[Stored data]
----------

(* Consider the common support-set model described in the context with $J=T$, let $h\ge1$, $m\ge0$, and let $\mathsf p_1,\dots,\mathsf p_h,\mathsf q_1,\dots,\mathsf q_{m+1}$ be distinct sensors. Then (whenever the conditioning events have positive probability) $$\Pr\Big(i\in\mathcal J\ \Big|\ i\in\bigcap_{l=1}^{h}\hat{\mathcal T}_{\mathsf p_l},\ i\in\bigcap_{l=1}^{m}\hat{\mathcal T}_{\mathsf q_l}^{\complement}\Big)\ \ge\ \Pr\Big(i\in\mathcal J\ \Big|\ i\in\bigcap_{l=1}^{h-1}\hat{\mathcal T}_{\mathsf p_l},\ i\in\bigcap_{l=1}^{m+1}\hat{\mathcal T}_{\mathsf q_l}^{\complement}\Big).$$
   Context: Let $N>T\ge1$ be integers and $\Omega=\{1,\dots,N\}$; complements are taken in $\Omega$. A finite set $\mathcal L$ of sensors is given. Common support-set model: every sensor $\mathsf p\in\mathcal L$ has the same fixed true support set $\mathcal T_{\mathsf p}=\mathcal J\subseteq\Omega$ with $|\mathcal J|=J=T$. Each sensor has a random estimated support set $\hat{\mathcal T}_{\mathsf p}\subseteq\Omega$. A random index $i$ is uniformly distributed on $\Omega$ and independent of all estimates. System model: there is $\epsilon$ with $0\le\epsilon\le (N-T)/N$, common to all sensors, such that for every sensor $\mathsf p$ and every $j\in\Omega$, $\Pr(j\in\hat{\mathcal T}_{\mathsf p})=1-\epsilon$ if $j\in\mathcal T_{\mathsf p}$ and $\Pr(j\in\hat{\mathcal T}_{\mathsf p})=\frac{T}{N-T}\epsilon$ if $j\notin\mathcal T_{\mathsf p}$ (so $\Pr(i\in\hat{\mathcal T}_{\mathsf p})=T/N$, detection probability $1-\epsilon$, miss probability $\epsilon$, false-alarm probability $\frac{T}{N-T}\epsilon$). For each fixed $j\in\Omega$, the events $\{j\in\hat{\mathcal T}_{\mathsf p}\}$, $\mathsf p\in\mathcal L$, are mutually independent. *)

From HB Require Import structures.
From mathcomp Require Import all_boot all_order all_algebra.
From mathcomp Require Import all_classical all_reals all_analysis.
Set Implicit Arguments. Unset Strict Implicit. Unset Printing Implicit Defensive.
Import Order.TTheory GRing.Theory Num.Theory.
Local Open Scope classical_set_scope.
Local Open Scope ring_scope.

Definition pr d (Omega : measurableType d) (R : realType)
  (P : probability Omega R) (A : set Omega) : R := fine (P A).

Definition cond_pr d (Omega : measurableType d) (R : realType)
  (P : probability Omega R) (A B : set Omega) : R :=
  pr P (A `&` B) / pr P B.

(* Given i = j, the sensors detect j independently, each with probability
   c j = a := 1 - eps if j \in J and c j = b := T eps / (N - T) otherwise, and i is
   uniform and independent of the estimates.  Hence, given k detections and
   m misses, the probability that i lies in J is the Bayes ratio
     T a^k (1-a)^m / (T a^k (1-a)^m + (N - T) b^k (1-b)^m).
   Trading a miss for a detection multiplies the odds by a(1-b) / (b(1-a)),
   which is at least 1 because eps <= (N - T)/N gives b <= a.  The independence
   hypothesis only speaks of joint detections; it extends to patterns of
   detections and misses by induction on the number of misses. *)

From HB Require Import structures.
From mathcomp Require Import all_boot all_order all_algebra.
From mathcomp Require Import all_classical all_reals all_analysis.
From mathcomp Require Import ring lra.
Set Implicit Arguments.
Unset Strict Implicit.
Unset Printing Implicit Defensive.
Import Order.TTheory GRing.Theory Num.Theory.
Local Open Scope classical_set_scope.
Local Open Scope ring_scope.

Section Posterior.
Variable R : realFieldType.

Definition likelihood (a : R) (k m : nat) := a ^+ k * (1 - a) ^+ m.

Definition posterior (t s a b : R) (k m : nat) :=
  t * likelihood a k m / (t * likelihood a k m + s * likelihood b k m).

Lemma posterior_miss_le_hit (t s a b : R) (k m : nat) :
  0 <= t -> 0 <= s -> 0 <= b -> b <= a -> a <= 1 ->
  0 < t * likelihood a k.+1 m + s * likelihood b k.+1 m ->
  0 < t * likelihood a k m.+1 + s * likelihood b k m.+1 ->
  posterior t s a b k m.+1 <= posterior t s a b k.+1 m.
Proof.
move=> t_ge0 s_ge0 b_ge0 b_le_a a_le1 hit_gt0 miss_gt0.
rewrite /posterior ler_pdivrMr // mulrAC ler_pdivlMr // -subr_ge0.
have -> : t * likelihood a k.+1 m * (t * likelihood a k m.+1 + s * likelihood b k m.+1)
    - t * likelihood a k m.+1 * (t * likelihood a k.+1 m + s * likelihood b k.+1 m)
    = t * s * (likelihood a k m * likelihood b k m) * (a - b).
  by rewrite /likelihood !exprS; ring.
have lik_ge0 x : 0 <= x -> x <= 1 -> 0 <= likelihood x k m.
  by move=> x_ge0 x_le1; rewrite /likelihood mulr_ge0 ?exprn_ge0 ?subr_ge0.
have lik_a := lik_ge0 a (le_trans b_ge0 b_le_a) a_le1.
have lik_b := lik_ge0 b b_ge0 (le_trans b_le_a a_le1).
by rewrite mulr_ge0 ?subr_ge0 // mulr_ge0 // mulr_ge0.
Qed.

Lemma sumr_in_if (I : finType) (J : {set I}) (a b : R) (F : R -> R) :
  \sum_(j in J) F (if j \in J then a else b) = #|J|%:R * F a.
Proof. by rewrite (eq_bigr (fun=> F a)) => [|j ->] //; rewrite sumr_const mulr_natl. Qed.

Lemma sumr_two_valued (I : finType) (J : {set I}) (a b : R) (F : R -> R) :
  \sum_j F (if j \in J then a else b) = #|J|%:R * F a + #|~: J|%:R * F b.
Proof.
rewrite (bigID [in J]) /= sumr_in_if; congr (_ + _).
rewrite (eq_bigl [in ~: J]) => [|j]; last by rewrite inE.
rewrite (eq_bigr (fun=> F b)) => [|j]; last by rewrite inE => /negbTE ->.
by rewrite sumr_const mulr_natl.
Qed.

Lemma false_alarm_le_detection (N T : nat) (eps : R) :
  (T < N)%N -> eps <= (N - T)%:R / N%:R -> T%:R / (N - T)%:R * eps <= 1 - eps.
Proof.
move=> T_lt_N; have NT_gt0 : 0 < (N - T)%:R :> R by rewrite ltr0n subn_gt0.
have N_gt0 : 0 < N%:R :> R by rewrite ltr0n (leq_ltn_trans _ T_lt_N).
have N_split : N%:R = (N - T)%:R + T%:R :> R by rewrite -natrD subnK // ltnW.
rewrite ler_pdivlMr // mulrAC ler_pdivrMr // N_split => eps_le; nra.
Qed.

End Posterior.

Lemma card_ord_ltn n : #|[set l : 'I_n.+1 | (l < n)%N]%SET| = n.
Proof.
have -> : [set l : 'I_n.+1 | (l < n)%N]%SET = [set~ ord_max]%SET.
  by apply/setP => l; rewrite !inE -val_eqE /= ltn_neqAle -ltnS ltn_ord andbT.
by rewrite cardsC1 card_ord.
Qed.

Lemma fun_of_finfun (aT : finType) (rT : Type) (f : aT -> rT) :
  fun_of_fin [ffun x => f x] = f.
Proof. by apply/funext => x; rewrite ffunE. Qed.

Section Probability.
Context d (Omega : measurableType d) (R : realType) (P : probability Omega R).

Lemma pr_setDI (A B : set Omega) : measurable A -> measurable B ->
  pr P A = pr P (A `\` B) + pr P (A `&` B).
Proof.
move=> mA mB; rewrite /pr (measureDI P mA mB) fineD //; apply: fin_num_measure.
  exact: measurableD.
exact: measurableI.
Qed.

Lemma pr_total n (X : Omega -> 'I_n) (A : set Omega) : measurable A ->
  (forall i, measurable [set w | X w = i]) ->
  pr P A = \sum_(i < n) pr P (A `&` [set w | X w = i]).
Proof.
move=> mA mX.
have {1}-> : A = \big[setU/set0]_(i < n) (A `&` [set w | X w = i]).
  rewrite -bigcup_pred; apply/seteqP; split => [w Aw|w [i _ []//]].
  by exists (X w) => //=; rewrite in_setE.
rewrite /pr measure_bigsetU_ord.
- by rewrite -sum_fine // => i _; apply: fin_num_measure; exact: measurableI.
- by move=> i; exact: measurableI.
- by move=> i j _ _ [w [[_ <-] [_ <-]]].
Qed.

Lemma pr_uniform_index_total n (U : Type) (X : Omega -> 'I_n) (Y : Omega -> U) :
  (forall Q : pred ('I_n * U), measurable [set w | Q (X w, Y w)]) ->
  (forall i, pr P [set w | X w = i] = n%:R^-1) ->
  (forall i (Q : pred U), pr P [set w | X w = i /\ Q (Y w)] =
     pr P [set w | X w = i] * pr P [set w | Q (Y w)]) ->
  forall Q : 'I_n -> pred U,
  pr P [set w | Q (X w) (Y w)] = n%:R^-1 * \sum_(i < n) pr P [set w | Q i (Y w)].
Proof.
move=> mXY unif indep Q.
have mXi i : measurable [set w | X w = i].
  have := mXY (fun z => z.1 == i); congr measurable.
  by apply/seteqP; split => w /= /eqP.
rewrite (pr_total (X := X)) //; last exact: (mXY (fun z => Q z.1 z.2)).
rewrite mulr_sumr; apply: eq_bigr => i _; rewrite -(unif i) -indep.
by congr pr; apply/seteqP; split => w /= [] => [QXY <- | -> QY].
Qed.

Section IndependentEvents.
Variables (L : finType) (e : L -> Omega -> bool).
Hypothesis measurable_events :
  forall Q : pred {ffun L -> bool}, measurable [set w | Q [ffun p => e p w]].
Hypothesis pr_all_events : forall S : {set L},
  pr P [set w | [forall p in S, e p w]] = \prod_(p in S) pr P [set w | e p w].

Definition pattern_event (S S' : {set L}) : set Omega :=
  [set w | [forall p in S, e p w] && [forall p in S', ~~ e p w]].

Lemma measurable_pattern_event (S S' : {set L}) : measurable (pattern_event S S').
Proof.
have := measurable_events
  (fun f : {ffun L -> bool} => [forall p in S, f p] && [forall p in S', ~~ f p]).
by congr measurable; apply/seteqP; split => w /=; rewrite fun_of_finfun.
Qed.

Lemma measurable_event p : measurable [set w | e p w].
Proof.
have := measurable_events (fun f => f p).
by congr measurable; apply/seteqP; split => w /=; rewrite ffunE.
Qed.

Lemma pr_pattern_event (S S' : {set L}) : [disjoint S & S']%B ->
  pr P (pattern_event S S') =
  \prod_(p in S) pr P [set w | e p w] * \prod_(p in S') (1 - pr P [set w | e p w]).
Proof.
move: S; have [n] := ubnP #|S'|; elim: n S' => // n IH S' ltS'n S disjS.
have [->|[q qS']] := set_0Vmem S'.
  rewrite big_set0 mulr1 -pr_all_events; congr pr.
  apply/seteqP; split => w; rewrite /pattern_event /=; first by case/andP.
  by move=> ->; apply/forall_inP => p; rewrite inE.
have qS : q \notin S by rewrite (disjointFl disjS).
have disjS'' : [disjoint S & S' :\ q]%B.
  by apply: disjointWr disjS; exact: subD1set.
have disjqS : [disjoint q |: S & S' :\ q]%B.
  (* qualified: classical_sets shadows both names *)
  rewrite finset.disjoints_subset; apply/fintype.subsetP => p.
  rewrite !inE => /predU1P[->|pS]; first by rewrite eqxx.
  by rewrite (disjointFr disjS pS) andbF.
have ltS''n : (#|S' :\ q| < n)%N.
  by rewrite -ltnS (leq_trans _ ltS'n) // ltnS (cardsD1 q S') qS'.
have hit_q : pattern_event S (S' :\ q) `&` [set w | e q w] =
    pattern_event (q |: S) (S' :\ q).
  apply/seteqP; split => w; rewrite /pattern_event /= -!big_andE big_setU1 //=.
    by case=> /andP[-> ->] ->.
  by case/andP=> /andP[-> ->] ->.
have miss_q : pattern_event S (S' :\ q) `\` [set w | e q w] = pattern_event S S'.
  apply/seteqP; split => w; rewrite /pattern_event /= -!big_andE (big_setD1 q qS') /=.
    by case=> /andP[-> ->] /negP ->.
  by case/andP=> -> /andP[/negP ? ->].
have := pr_setDI (measurable_pattern_event S (S' :\ q)) (measurable_event q).
rewrite hit_q miss_q (IH _ ltS''n _ disjS'') (IH _ ltS''n _ disjqS).
rewrite big_setU1 //= (big_setD1 q qS') /=.
by move=> /eqP; rewrite -subr_eq => /eqP <-; ring.
Qed.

----------

* _PROBLEM_: Say how many lines of the preceding data include the word "Section". The number is the whole answer.

* _YOUR SOLUTION_: 3